In November of 2000, Measure 7 was passed in Oregon. This movement would define takings by the state. Oregonians in Action was the organization that promoted this movement. Measure 7 would compensate land that is owned by land owners. If the property value decreased by the actions of the government, compensation would be considered (Levy 77). This situation deals with justice for wrong actions.

This kind of movement does allow justice to happen. Each land owner has his or her own property value and wants to keep it either stable or increasing. If for some reason, it does decrease by the owner’s actions, it is his or her responsibility to take care of the problem. However, when an outside party such as the state or local government interferes with the property and ends up decreasing the value, then some sort of resolution has to happen.

First of all, there has to be a reason why the government is involved with the land. When a reason exists, it should benefit the community. The terms “citizen participation” and “big picture” can also be incorporated into the reason (Levy 96). Sometimes, people will be focus on small details of a problem instead of the major thing. If people tend to agree on this and bring it up to local government, the government will consider some sort of action to implement because the community will join together to give their input on a problem to practice citizen participation.
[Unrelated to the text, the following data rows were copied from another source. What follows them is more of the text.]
(* This is the row-wise estimate:
   M is the peak of a row, S its mass and t the absolute value of the row sum. *)
Lemma power_squeeze t M S K p : 0 <= t -> 0 <= M <= S -> 2 * M - S <= t <= S ->
  1 <= p <= 3 -> rpow S (p - 1) <= K ->
  rpow M p - 3 * K * (S - M) <= rpow t p <= rpow M p + 3 * K * (S - M).
Proof.
  intros Ht HMS Hsq Hp HK.
  pose proof (rpow_nonneg M (p - 1)); pose proof (rpow_nonneg S (p - 1)).
  assert (HMK : rpow M (p - 1) <= K) by (eapply Rle_trans; [apply (rpow_le_compat M S) |]; lra).
  assert (HpK : p * rpow M (p - 1) <= 3 * K /\ p * rpow S (p - 1) <= 3 * K) by (split; nra).
  split.
  - destruct (Rle_dec 0 (2 * M - S)) as [Hpos | Hneg].
    + pose proof (rpow_tangent (2 * M - S) M p Hpos ltac:(lra) ltac:(lra)).
      pose proof (rpow_le_compat (2 * M - S) t p ltac:(lra) ltac:(lra)).
      nra.
    + rewrite (rpow_succ M p) by lra; pose proof (rpow_nonneg t p); nra.
  - pose proof (rpow_tangent M S p ltac:(lra) ltac:(lra) ltac:(lra)).
    pose proof (rpow_le_compat t S p ltac:(lra) ltac:(lra)).
    nra.
Qed.

Lemma root_relative_bound X Y D c p : 0 <= X -> 0 < D -> 0 <= c -> 1 <= p ->
  (1 - c) * (D * X) <= Y <= (1 + c) * (D * X) ->
  (1 - c) * rpow X (1 / p) <= rpow (/ D * Y) (1 / p) <= (1 + c) * rpow X (1 / p).
Proof.
  intros HX HD Hc Hp [HYl HYu].
  assert (Hq : 0 < 1 / p <= 1).
  { split; [apply Rdiv_lt_0_compat; lra |].
    apply (Rmult_le_reg_l p); [lra |]; field_simplify; lra. }
  assert (HiD : 0 < / D) by (apply Rinv_0_lt_compat; lra).
  assert (Hlow : (1 - c) * X <= / D * Y).
  { replace ((1 - c) * X) with (/ D * ((1 - c) * (D * X))) by (field; lra).
    apply Rmult_le_compat_l; lra. }
  assert (Hup : / D * Y <= (1 + c) * X).
  { replace ((1 + c) * X) with (/ D * ((1 + c) * (D * X))) by (field; lra).
    apply Rmult_le_compat_l; lra. }
  pose proof (rpow_nonneg X (1 / p)).
  split.
  - destruct (Rle_dec (1 - c) 0) as [Hc1 | Hc1].
    { pose proof (rpow_nonneg (/ D * Y) (1 / p)); nra. }
    apply Rle_trans with (rpow ((1 - c) * X) (1 / p)).
    + rewrite rpow_mult by lra; apply Rmult_le_compat_r; [lra |].
      apply rpow_root_ge; lra.
    + apply rpow_le_compat; lra.
  - apply Rle_trans with (rpow ((1 + c) * X) (1 / p)).
    + apply rpow_le_compat; lra.
    + rewrite rpow_mult by lra; apply Rmult_le_compat_r; [lra |].
      apply rpow_root_le; lra.
Qed.


Lemma fsum_ext N f g : (forall i, f i = g i) -> fsum N f = fsum N g.
Proof. intros Hfg; induction N as [| N IH]; simpl; [reflexivity | rewrite IH, Hfg; reflexivity]. Qed.

Lemma fsum_plus N f g : fsum N (fun i => f i + g i) = fsum N f + fsum N g.
Proof. induction N as [| N IH]; simpl; [lra | rewrite IH; lra]. Qed.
Even though compensation by the government would justify for the fairness of the individual affected, it can have consequences as well. As mentioned, “you have stripped the government of a fundamental power to regulate,” (Levy 77). If everyone would use this power to be compensated, then the government would have always have to pay back every cent for full compensation. It could decrease the power of government because they may start thinking that almost all their actions are affecting values negatively.

As a way to find a solution to this problem, there has to exist a balance. Many governments want to do things for the community which will benefit them the most, but there are people who still get affected. In the end, what is considered the best for the people can end up not being fair for every single person which leads to compensation.

How does justice exist if we make a decision that should benefit everybody as a whole and does not single out individuals?

Levy, J. The Legal Basis of Planning. In Contemporary Urban Planning (10th ed., p. 77,96).